Soar: Simulation for Observability, reliAbility, and secuRity
Figure 8. SOAR configures a server with PNI information and runs simulated eyeball and origin on this server. If a PNI related code release has a problem, then with proper simulation traffic it will be caught before rolling into production.

With such simulation capability, we were able to detect several problems early on and before releasing. For example, we caught a problem that impacts checksum offloading, which could encapsulate TCP packets with the wrong inner checksum and cause the packets to be dropped at the origin side. This problem does not exist in our virtualized testing environment and integration tests; it only happens when production hardware comes into play. We then use this simulation as a success indicator to test various fixes until we get the packet flow running normally again.

Continuously monitor performance on the edge stack

When a team configures a simulation, it runs on the same stack where all other teams run their products as well. This means when a simulation starts to show unhealthy results, it may or may not directly relate to the product associated with that simulation.

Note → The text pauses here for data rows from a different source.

(* Let $h,v$ be permutations of $\Lambda=\{1,\dots,d\}$ such that $\langle h,v\rangle$ acts transitively on $\Lambda$, and let $M\ge0$ be an integer. Then the combinatorial data $(\pi_0,\pi_1^M)$ is irreducible.
   Context: $\pi_0,\pi_1^M:\Lambda\times\{L,R\}\to\{1,\dots,2d\}$ are the bijections $\pi_0(\lambda,L)=2\lambda-1$, $\pi_0(\lambda,R)=2\lambda$, $\pi_1^M(\lambda,L)=2vh^M(\lambda)$, $\pi_1^M(\lambda,R)=2vh^{M+1}(\lambda)-1$. A pair of bijections $(\pi_0,\pi_1)$ from a $k$-element set $\mathcal{A}$ to $\{1,\dots,k\}$ is irreducible if there is no $1\le j<k$ with $\pi_0^{-1}(\{1,\dots,j\})=\pi_1^{-1}(\{1,\dots,j\})$. *)

From HB Require Import structures.
From mathcomp Require Import all_boot all_fingroup.
Set Implicit Arguments. Unset Strict Implicit. Unset Printing Implicit Defensive.

(* The two sides L, R of an interval *)
Inductive side := L | R.
Definition side_to_bool (s : side) : bool := if s is R then true else false.
Definition bool_to_side (b : bool) : side := if b then R else L.
Lemma side_boolK : cancel side_to_bool bool_to_side. Proof. by case. Qed.
HB.instance Definition _ := Finite.copy side (can_type side_boolK).

Definition irreducible (A : finType) (p0 p1 : A -> nat) : Prop :=
  forall j : nat, 1 <= j < #|A| ->
    [set a | p0 a <= j] != [set a | p1 a <= j].

(* Lambda = {1,...,d} is represented by 'I_d; the ordinal i stands for i+1. *)
Definition pi0 (d : nat) (x : 'I_d * side) : nat :=
  let: (l, s) := x in
  match s with L => 2 * l.+1 - 1 | R => 2 * l.+1 end.

Definition pi1 (d : nat) (h v : {perm 'I_d}) (M : nat) (x : 'I_d * side) : nat :=
  let: (l, s) := x in
  match s with
  | L => 2 * (v ((h ^+ M)%g l)).+1
  | R => 2 * (v ((h ^+ M.+1)%g l)).+1 - 1
  end.

(* Ordered by pi0, the endpoints 2l-1 < 2l of the intervals come interval by
   interval.  At a cut j = 2k + 1 the pi0-side contains the left endpoints of
   k + 1 intervals but only k whole intervals, so equality of the two cuts makes
   the permutation l |-> v (h^M l) map k + 1 labels into k labels.  At a cut
   j = 2k both sides consist of the first k intervals, so l |-> v (h^M l) and
   l |-> v (h^(M+1) l) stabilise them; then so do h and v, which contradicts
   transitivity as 0 < k < d. *)

From mathcomp Require Import all_boot all_fingroup.
From mathcomp Require Import zify.

Set Implicit Arguments.
Unset Strict Implicit.
Unset Printing Implicit Defensive.

Lemma card_side : #|{: side}| = 2.
Proof.
rewrite -card_bool; apply: bij_eq_card.
by exists bool_to_side; [exact: side_boolK | case].
Qed.

Lemma card_ord_side d : #|{: 'I_d * side}| = (2 * d)%N.
Proof. by rewrite card_prod card_ord card_side mulnC. Qed.

Lemma perm_imset_not_proper (T : finType) (p : {perm T}) (B C : {set T}) :
  C \proper B -> ~~ (p @: B \subset C).
Proof.
move=> ltCB; apply/negP => /subset_leq_card.
rewrite card_imset; last exact: perm_inj.
by move/(leq_trans (proper_card ltCB)); rewrite ltnn.
Qed.

Lemma atrans_acts_setT (T : finType) (G : {group {perm T}}) (A : {set T}) x :
  [transitive G, on [set: T] | 'P] -> [acts G, on A | 'P] -> x \in A ->
  A = [set: T].
Proof.
move=> trG actsA Ax; apply/eqP; rewrite eqEsubset subsetT.
by rewrite -(atransP trG x (in_setT x)) acts_sub_orbit.
Qed.

Section GenPowers.

Local Open Scope group_scope.

Lemma gen_subG_powM (gT : finGroupType) (H : {group gT}) (h v : gT) M :
  h ^+ M * v \in H -> h ^+ M.+1 * v \in H -> <<[set h; v]>> \subset H.
Proof.
move=> Hg Hg'.
have Hh : h \in H.
  have -> : h = h ^+ M.+1 * v * (h ^+ M * v)^-1.
    by rewrite invMg mulgA mulgK expgS mulgK.
  by rewrite groupM ?groupV.
have Hv : v \in H by rewrite -(mulKg (h ^+ M) v) groupM ?groupV ?groupX.
by rewrite gen_subG; apply/subsetP => x; rewrite in_set2 => /orP[]/eqP->.
Qed.

End GenPowers.

Section Cuts.

Variables (d : nat) (h v : {perm 'I_d}) (M k : nat).

Lemma pi0L_le_odd (l : 'I_d) : (pi0 (l, L) <= (2 * k).+1) = (l <= k).
Proof. by rewrite /=; lia. Qed.

Lemma pi1L_le_odd (l : 'I_d) :
  (pi1 h v M (l, L) <= (2 * k).+1) = ((h ^+ M * v)%g l < k).
Proof. by rewrite /= permM; lia. Qed.

Lemma pi0_le_double (l : 'I_d) s : (pi0 (l, s) <= 2 * k) = (l < k).
Proof. by case: s => /=; lia. Qed.

Lemma pi1L_le_double (l : 'I_d) :
  (pi1 h v M (l, L) <= 2 * k) = ((h ^+ M * v)%g l < k).
Proof. by rewrite /= permM; lia. Qed.

Lemma pi1R_le_double (l : 'I_d) :
  (pi1 h v M (l, R) <= 2 * k) = ((h ^+ M.+1 * v)%g l < k).
Proof. by rewrite /= permM; lia. Qed.

Lemma pi_cuts_differ_odd : k < d ->
  [set x | pi0 x <= (2 * k).+1] != [set x | pi1 h v M x <= (2 * k).+1].
Proof.
move=> ltkd; apply/negP => /eqP/setP cuts_eq.
pose B := [set l : 'I_d | l <= k]; pose C := [set l : 'I_d | l < k].
have ltCB : C \proper B.
  apply/properP; split; first by apply/subsetP => l; rewrite !inE; apply: ltnW.
  by exists (Ordinal ltkd); rewrite !inE /= ?leqnn ?ltnn.
apply: (negP (perm_imset_not_proper (h ^+ M * v)%g ltCB)).
apply/subsetP => _ /imsetP[l Bl ->].
by move: Bl (cuts_eq (l, L)); rewrite !inE pi0L_le_odd pi1L_le_odd => -> <-.
Qed.

Lemma pi_cuts_differ_even :
  [transitive <<[set h; v]>>, on [set: 'I_d] | 'P] -> 0 < k < d ->
  [set x | pi0 x <= 2 * k] != [set x | pi1 h v M x <= 2 * k].
Proof.
move=> trG /andP[k_gt0 ltkd]; apply/negP => /eqP/setP cuts_eq.
pose A := [set l : 'I_d | l < k].
have stabA s (p : {perm 'I_d}) :
    (forall l, (pi1 h v M (l, s) <= 2 * k) = (p l < k)) -> p \in 'N(A | 'P)%g.
  move=> pi1_le; apply/astabsP => l; rewrite !inE /aperm -pi1_le.
  by move: (cuts_eq (l, s)); rewrite !inE pi0_le_double.
have actsA : [acts <<[set h; v]>>%g, on A | 'P].
  by apply: gen_subG_powM; [apply: (stabA L) | apply: (stabA R)];
    [exact: pi1L_le_double | exact: pi1R_le_double].
have A0 : Ordinal (leq_ltn_trans (leq0n k) ltkd) \in A by rewrite inE.
have /setP/(_ (Ordinal ltkd)) := atrans_acts_setT trG actsA A0.
by rewrite !inE ltnn.
Qed.

End Cuts.

Theorem corollary5p3 (d : nat) (h v : {perm 'I_d}) (M : nat) :
  [transitive <<[set h; v]>>, on [set: 'I_d] | 'P] ->
  irreducible (pi0 (d:=d)) (pi1 h v M).
Proof.
move=> trG j; rewrite card_ord_side -[j](odd_double_half j) -mul2n.
case: (odd j) => /andP[j_gt0 j_lt].
- by rewrite add1n; apply: pi_cuts_differ_odd; lia.
- by rewrite add0n; apply: pi_cuts_differ_even => //; lia.
Qed.
(* Exchanging j in J for a smaller i outside J destroys freeness: the linear
   form w of the annihilator with w_i = 1 vanishes at j (its last nonzero
   coordinate lies outside J, hence is i), so it forces x_i = p_i on the plane
   while the exchanged coordinates would allow any x_i. *)
Lemma plane_min_free_vars : min_free_vars p B J.
Proof.
split; first exact: plane_free_vars.
move=> [j [i [jJ iJ ij [_ free']]]].
have [w [u [E wB uJ]]] := ker_coord_decomp (delta_mx 0 i).
have wE l : l \notin J -> w 0 l = (l == i)%:R.
  by move=> lJ; move/matrixP: E => /(_ 0 l); rewrite !mxE (uJ _ lJ) addr0 eqxx => ->.
have wi : w 0 i = 1 by rewrite wE // eqxx.
have wj : w 0 j = 0.
  have wn0 : w != 0 by apply: contra_neq (oner_neq0 k) => w0; rewrite -wi w0 mxE.
  have [i0 [wi0 wl]] := exists_last_nz wn0.
  have i0J := last_out wB (conj wi0 wl).
  have i0i : i0 = i by apply/eqP; apply: contraLR wi0; rewrite wE // => /negbTE ->; rewrite eqxx.
  by apply: wl; rewrite i0i.
have [x [[xA xJ'] _]] := free' (p + delta_mx 0 i).
have xJ l : l \in i |: (J :\ j) -> x 0 l = p 0 l + (l == i)%:R.
  by move=> lJ'; rewrite xJ' // !mxE eqxx.
have := dot_orth xA wB; rewrite /dot (bigD1 i) //= big1.
  rewrite addr0 wi mulr1 mxE xJ; last by rewrite !inE eqxx.
  by rewrite eqxx mxE addrAC subrr add0r => /eqP; rewrite oner_eq0.
move=> l li; case: (eqVneq l j) => [->|lj]; first by rewrite wj mulr0.
case: (boolP (l \in J)) => lJ; last by rewrite (wE _ lJ) (negbTE li) mulr0.
by rewrite !mxE xJ ?(negbTE li) ?addr0 ?subrr ?mul0r // !inE (negbTE li) lj lJ.
Qed.
End MinimalFreeVariables.

Lemma not_min_free (k : fieldType) n (le : rel (mon n)) d (p : 'rV[k]_n)
    (B : 'M[k]_(d, n)) (J : {set 'I_n}) :
  term_order le -> vars_increasing le -> row_free B -> #|J| = d ->
  ~ min_free_vars p B J -> exists2 i, i \in J & Cset le (in_aplane p B) (munit i).
Proof.
move=> Hto Hvi rfB cJ Hnm; apply: NNPP => Hno; apply: Hnm.
apply: plane_min_free_vars => // a i aB ai; apply/negP => iJ.
by apply: Hno; exists i => //; apply: lin_Cset aB ai.
Qed.

Lemma nplane_shift n (g : mon n) (J : {set 'I_n}) e v :
  nplane g J e -> supp_in J v -> nplane g J (madd e v).
Proof.
move=> [t [tJ ->]] vJ; exists (madd t v); split; last by rewrite maddA.
exact: supp_in_madd.
Qed.

Lemma dplane_mono n d (D1 D2 : mon n -> Prop) g J :
  (forall e, D1 e -> D2 e) -> dplane_in d D1 g J -> dplane_in d D2 g J.
Proof. by move=> H [c z P]; split => // e /P; apply: H. Qed.

(* If e in g + N^J were in C(A_J), multiplying its polynomial by an
   affine equation X_i - ... (i in J) of every component of A whose minimal
   free variables are not J would give a point e + v of g + N^J in C(A). *)
Lemma dplane_DA_DAJ (k : fieldType) (n d m : nat) (le : rel (mon n))
    (p : 'I_m -> 'rV[k]_n) (B : 'I_m -> 'M[k]_(d, n)) (J : {set 'I_n}) g :
  term_order le -> vars_increasing le -> (forall i, row_free (B i)) ->
  dplane_in d (Dset le (fun x => exists i, in_aplane (p i) (B i) x)) g J ->
  dplane_in d (Dset le (fun x => exists i,
                  min_free_vars (p i) (B i) J /\ in_aplane (p i) (B i) x)) g J.
Proof.
set AJ := fun x => exists i, _ /\ _.
move=> Hto Hvi rf [cJ gJ inD]; split => // e ge CAJ.
have split_comps c : c \in enum 'I_m ->
    (forall x, in_aplane (p c) (B c) x -> AJ x) \/
    exists2 i, i \in J & Cset le (in_aplane (p c) (B c)) (munit i).
  move=> _; case: (classic (min_free_vars (p c) (B c) J)) => Hc.
    by left => x xc; exists c.
  by right; apply: not_min_free.
have [v [vJ Cv]] := Cset_shift_union Hto CAJ split_comps.
apply: (inD _ (nplane_shift ge vJ)); apply: Cset_mono Cv _ => x [i xi].
by right; exists i; rewrite ?mem_enum.
Qed.

Theorem mainTheorem3 (k : fieldType) (n d m : nat) (le : rel (mon n))
  (p : 'I_m -> 'rV[k]_n) (B : 'I_m -> 'M[k]_(d, n)) :
  (* k infinite *)
  (forall s : seq k, exists x : k, x \notin s) ->
  term_order le -> vars_increasing le ->
  (* each component is an affine d-plane *)
  (forall i, row_free (B i)) ->
  (* pairwise distinct *)
  (forall i j, i != j -> ~ (forall x, in_aplane (p i) (B i) x <-> in_aplane (p j) (B j) x)) ->
  let A := fun x => exists i, in_aplane (p i) (B i) x in
  let AJ := fun (J : {set 'I_n}) x =>
              exists i, min_free_vars (p i) (B i) J /\ in_aplane (p i) (B i) x in
  let mJ := fun (J : {set 'I_n}) => pcard (fun i => min_free_vars (p i) (B i) J) in
  (forall J : {set 'I_n}, #|J| = d ->
     (forall g J', dplane_in d (Dset le (AJ J)) g J' -> J' = J) /\
     card_eq (fun g => dplane_in d (Dset le (AJ J)) g J) (mJ J)) ->
  (forall e, Eset d (Dset le A) e <->
             exists J : {set 'I_n}, #|J| = d /\ Eset d (Dset le (AJ J)) e) /\
  (forall J : {set 'I_n}, #|J| = d ->
     card_eq (fun g => dplane_in d (Dset le A) g J) (mJ J)).
Proof.
move=> _ Hto Hvi rf _ A AJ mJ Hyp.
(* Since A_J is part of A, D(A_J) lies in D(A); conversely d-planes of D(A)
   parallel to N^J lie in D(A_J). *)
have widen J J' g : dplane_in d (Dset le (AJ J)) g J' -> dplane_in d (Dset le A) g J'.
  by apply: dplane_mono => e; apply: Dset_mono => x [i [_ xi]]; exists i.
have restrict J g : dplane_in d (Dset le A) g J -> dplane_in d (Dset le (AJ J)) g J.
  exact: dplane_DA_DAJ.
split=> [e|J cJ].
  split=> [[g [J [gJ ge]]]|[J [_ [g [J' [gJ' ge]]]]]].
    by exists J; split; [case: gJ | exists g, J; split => //; apply: restrict].
  by exists g, J'; split => //; apply: widen gJ'.
have [_ [s [us Hs sz]]] := Hyp J cJ.
exists s; split => // g; rewrite Hs; split; [exact: widen | exact: restrict].
Qed.
(* Let $V\subseteq\mathcal V$ be finite and let $\Theta,\Psi\subseteq\mathcal P(\mathcal H_V)$ be convex and closed. (1) If $\Theta\neq\emptyset$, then $\Theta\preceq_{dem}\Psi$ iff $\Theta\le_S\Psi$. (2) If $\Psi\neq\emptyset$, then $\Theta\preceq_{ang}\Psi$ iff $\Theta\le_H\Psi$.
   Context: $\mathcal H_V$ is a finite-dimensional Hilbert space (tensor product of qubit spaces). $\mathcal D(\mathcal H_V)$: partial density operators (positive, trace $\le1$); $\mathcal P(\mathcal H_V)$: effects (positive operators with eigenvalues in $[0,1]$); $\sqsubseteq$: Löwner order. For $\Theta\subseteq\mathcal P(\mathcal H_V)$ and $\rho\in\mathcal D(\mathcal H_V)$: $\mathrm{Exp}_{dem}(\rho\models\Theta)=\inf_{M\in\Theta}{\rm tr}(M\rho)$ (equal to ${\rm tr}(\rho)$ if $\Theta=\emptyset$) and $\mathrm{Exp}_{ang}(\rho\models\Theta)=\sup_{M\in\Theta}{\rm tr}(M\rho)$ (equal to $0$ if $\Theta=\emptyset$). $\Theta\preceq_{dem}\Psi$ iff $\mathrm{Exp}_{dem}(\rho\models\Theta)\le\mathrm{Exp}_{dem}(\rho\models\Psi)$ for all $\rho\in\mathcal D(\mathcal H_V)$; $\Theta\preceq_{ang}\Psi$ iff $\mathrm{Exp}_{ang}(\rho\models\Theta)\le\mathrm{Exp}_{ang}(\rho\models\Psi)$ for all $\rho\in\mathcal D(\mathcal H_V)$. $\Theta\le_H\Psi$ iff $\forall M\in\Theta\,\exists N\in\Psi: M\sqsubseteq N$; $\Theta\le_S\Psi$ iff $\forall N\in\Psi\,\exists M\in\Theta:M\sqsubseteq N$. *)

From HB Require Import structures.
From mathcomp Require Import all_boot all_order all_algebra.
From mathcomp Require Import complex.
From mathcomp Require Import all_classical all_reals topology normedtype.
Import Order.TTheory GRing.Theory Num.Theory numFieldNormedType.Exports.

Set Implicit Arguments. Unset Strict Implicit. Unset Printing Implicit Defensive.

Local Open Scope ring_scope.
Local Open Scope classical_set_scope.

Section QDefs.
Variable R : realType.
Variable d : nat.
Local Notation C := (R[i]).
Local Notation M := ('M[C]_d).

Definition adjmx (A : 'M[C]_(d,d)) : 'M[C]_(d,d) := (map_mx Num.conj A)^T.
Definition adjv (v : 'cV[C]_d) : 'rV[C]_d := (map_mx Num.conj v)^T.

(* positive (semidefinite) operator: <v|A|v> >= 0 for all v
   (the order on R[i] means: real and nonnegative) *)
Definition psd (A : M) : Prop := forall v : 'cV[C]_d, 0 <= (adjv v *m A *m v) 0 0.

Definition lowner (A B : M) : Prop := psd (B - A).

(* effects P(H_V): positive operators with eigenvalues in [0,1], i.e. 0 <= A <= I *)
Definition effect (A : M) : Prop := psd A /\ lowner A 1%:M.

Definition pdensity (rho : M) : Prop := psd rho /\ \tr rho <= 1.

(* real-valued expectation tr(A rho) (real for A, rho positive) *)
Definition expv (A rho : M) : R := complex.Re (\tr (A *m rho)).

Definition Exp_dem (rho : M) (Th : set M) : R :=
  if pselect (Th = set0) then complex.Re (\tr rho)
  else inf [set expv A rho | A in Th].

Definition Exp_ang (rho : M) (Th : set M) : R :=
  if pselect (Th = set0) then 0
  else sup [set expv A rho | A in Th].

Definition preceq_dem (Th Ps : set M) : Prop :=
  forall rho, pdensity rho -> Exp_dem rho Th <= Exp_dem rho Ps.
Definition preceq_ang (Th Ps : set M) : Prop :=
  forall rho, pdensity rho -> Exp_ang rho Th <= Exp_ang rho Ps.

Definition le_H (Th Ps : set M) : Prop :=
  forall A, Th A -> exists B, Ps B /\ lowner A B.
Definition le_S (Th Ps : set M) : Prop :=
  forall B, Ps B -> exists A, Th A /\ lowner A B.

Definition mx_convex (Th : set M) : Prop :=
  forall A B, Th A -> Th B -> forall t : R, 0 <= t <= 1 ->
    Th ((t%:C)%C *: A + ((1 - t)%:C)%C *: B).

(* closedness w.r.t. the usual (Euclidean) topology on d x d complex matrices,
   transported through the homeomorphism A |-> (Re A, Im A) onto pairs of real matrices *)
Definition mx_closed (Th : set M) : Prop :=
  closed ((fun A : M => (map_mx (@complex.Re R) A, map_mx (@complex.Im R) A)) @` Th).

End QDefs.

(** If the Smyth (resp. Hoare) relation fails, some N in Psi lies above no A
in Theta, i.e. N lies outside the closed convex set Theta + PSD (resp. some A in
Theta lies outside Psi - PSD).  Project the point onto that set for the
Hilbert-Schmidt inner product.  The residual H of the nearest point is nonzero,
the first-order optimality conditions make +-H positive, and
rho = +-H / (1 + tr(+-H)) is a partial density operator separating the point
strictly from the set: tr(A rho) >= tr(N rho) + |H|^2 / (1 + tr(+-H)) for all A
in Theta.  Because effects are bounded, this contradicts the expectation order.
The converse implications are monotonicity of tr(. rho) in the Loewner order.
To make the minimisation compact the positive part is confined to a box, large
enough that the minimiser lies in its interior. *)

From mathcomp Require Import all_boot all_order all_algebra.
From mathcomp Require Import complex.
From mathcomp Require Import all_classical all_reals topology normedtype.
From mathcomp Require Import spectral derive ring lra.
Lemma gtop_mul_exp_neq0 b c z n j : gconst b c -> c != 0 ->
  gdeg_le b z n -> gcoef b n z != 0 ->
  gcoef b (j * n) (c * z ^+ j) != 0 /\ gcoef b (j * n) (z ^+ j * c) != 0.
Proof.
move=> cc c_neq0 zn z_top; have zj := gdeg_le_exp (j := j) zn.
have zj_top := gtop_exp_neq0 zn z_top j; have c0 := gconst_gdeg_le0 cc.
split.
  rewrite -[(j * n)%N]add0n; have [_ ->] := gdeg_le_mul c0 zj.
  rewrite gcoef0_gconst // twist0; last exact: gcoef_gconst.
  by apply: (gconst_mul_neq0 cc) => //; exact: gcoef_gconst.
rewrite -[(j * n)%N]addn0; have [_ ->] := gdeg_le_mul zj c0.
rewrite gcoef0_gconst //; apply: (gconst_mul_neq0 (gcoef_gconst _ _ _)) => //.
  exact: twist_gconst.
by rewrite twist_eq0.
Qed.

Section Comultiplication.
Variables (TTT : lmodType F) (tpL : TT -> T -> TTT) (tpR : T -> TT -> TTT)
  (D : T -> TT) (eps : T -> F) (S : T -> T).
Hypotheses (H3 : is_triple_tensor tp tpL tpR) (Hh : hopf_algebra tp tpL tpR D eps S)
  (Hsub : hopf_subalgebra tp D S R).

Local Notation can1 := (can1 Hta Hh).
Local Notation can2 := (can2 Hta Hh).

Lemma comul_gconst b r : r \in R -> gconst b (D r).
Proof. by case: Hsub => _ + _ _ => /[apply]; exact: in_tensor_gconst. Qed.

Lemma can2_gconst w : gconst true w -> gconst true (can2 w).
Proof.
case=> s [sR ->]; rewrite (lin_sum (can2_lin Hta Hh)).
by apply: gconst_sum => p /sR p2R; rewrite can2E; apply/gconst_mull/comul_gconst.
Qed.

Lemma can1_gconst w : gconst false w -> gconst false (can1 w).
Proof.
case=> s [sR ->]; rewrite (lin_sum (can1_lin Hta Hh)).
apply: gconst_sum => p /sR p2R; rewrite can1E -[tp 1 _]/(otp false p.1 1).
exact/gconst_mulr/comul_gconst.
Qed.

Lemma gcoef_mulcomulL m w : gcoef true m (mulcomulL Hta Hh w) = mulcomulL Hta Hh (gcoef true m w).
Proof.
move: w; apply: (tensor_ext Ht) => [||u v].
- exact: lin_comp (gcoef_lin _ _) (mulcomulL_lin _ _).
- exact: lin_comp (mulcomulL_lin _ _) (gcoef_lin _ _).
by rewrite mulcomulLE !gcoef2E mulcomulLE.
Qed.

Lemma gcoef_mulcomulR m w : gcoef false m (mulcomulR Hta Hh w) = mulcomulR Hta Hh (gcoef false m w).
Proof.
move: w; apply: (tensor_ext Ht) => [||u v].
- exact: lin_comp (gcoef_lin _ _) (mulcomulR_lin _ _).
- exact: lin_comp (mulcomulR_lin _ _) (gcoef_lin _ _).
by rewrite mulcomulRE !gcoef1E mulcomulRE.
Qed.

Lemma gtop_ge2 b z m : (1 < m)%N -> gcoef b m z != 0 ->
  exists2 n, (1 < n)%N & gdeg_le b z n /\ gcoef b n z != 0.
Proof.
move=> lt1m zm_neq0.
have z_neq0 : z != 0 by apply: contraNneq zm_neq0 => ->; rewrite (lin0 (gcoef_lin _ _)).
have [n [zn ztop]] := gtop_exists b z_neq0; exists n => //.
by rewrite ltnNge; apply: contra zm_neq0 => le_n1; rewrite zn ?(leq_ltn_trans le_n1).
Qed.

Lemma gcoef_comm i j w : gcoef false i (gcoef true j w) = gcoef true j (gcoef false i w).
Proof.
move: w; apply: (tensor_ext Ht) => [||u v].
- exact: lin_comp (gcoef_lin _ _) (gcoef_lin _ _).
- exact: lin_comp (gcoef_lin _ _) (gcoef_lin _ _).
by rewrite gcoef2E !gcoef1E gcoef2E.
Qed.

But with continuous simulations, we will have more chances to detect issues before things go south, or at least it will serve as a hint to quickly react to emerging problems. In an example early this year, we noticed one of our performance simulation dashboards showed that some HTTP request throughput was dropping by 20%. After digging into the case, we found our bot detection system had made a change that affected related requests. Luckily enough we moved fast thanks to the hint from the simulation (and some other useful tools like Opentracing).

Our recent enhancement from just HTTP performance simulation to SOAR makes it even more useful for customers. This is because we are now able to simulate with customer-specific configurations, so we might expose customer-specific problems. We are still dogfooding this, and hopefully, we can deploy it to our customers soon.

DoS Attacks as Simulations

When we started to develop Magic Transit, a question worth monitoring was how effective our mitigation pipeline is, and how to apply thresholds for different customers. For our new ACK flood mitigation system, flowtrackd, we onboarded its performance simulation cases together with tunable ACK flood. Combined with customer-specific configuration, this allows us to compare the throughput result under different volumes of attacks, and systematically tune our mitigation threshold.

Another important factor that we will be able to achieve with our “attack simulation” system is to mount attacks we have seen in the past, making sure the development of our mitigation pipelines won’t ever pass on these known attacks to our customers.

Conclusion

In this article, we introduced Cloudflare’s simulation system, SOAR. While simulation is not a new tool, we can use it to improve reliability, observability, and security. Our adoption of SOAR is still in its early stages, but we are pretty confident that, by fully leveraging simulations, we will push our quality of service to a new level.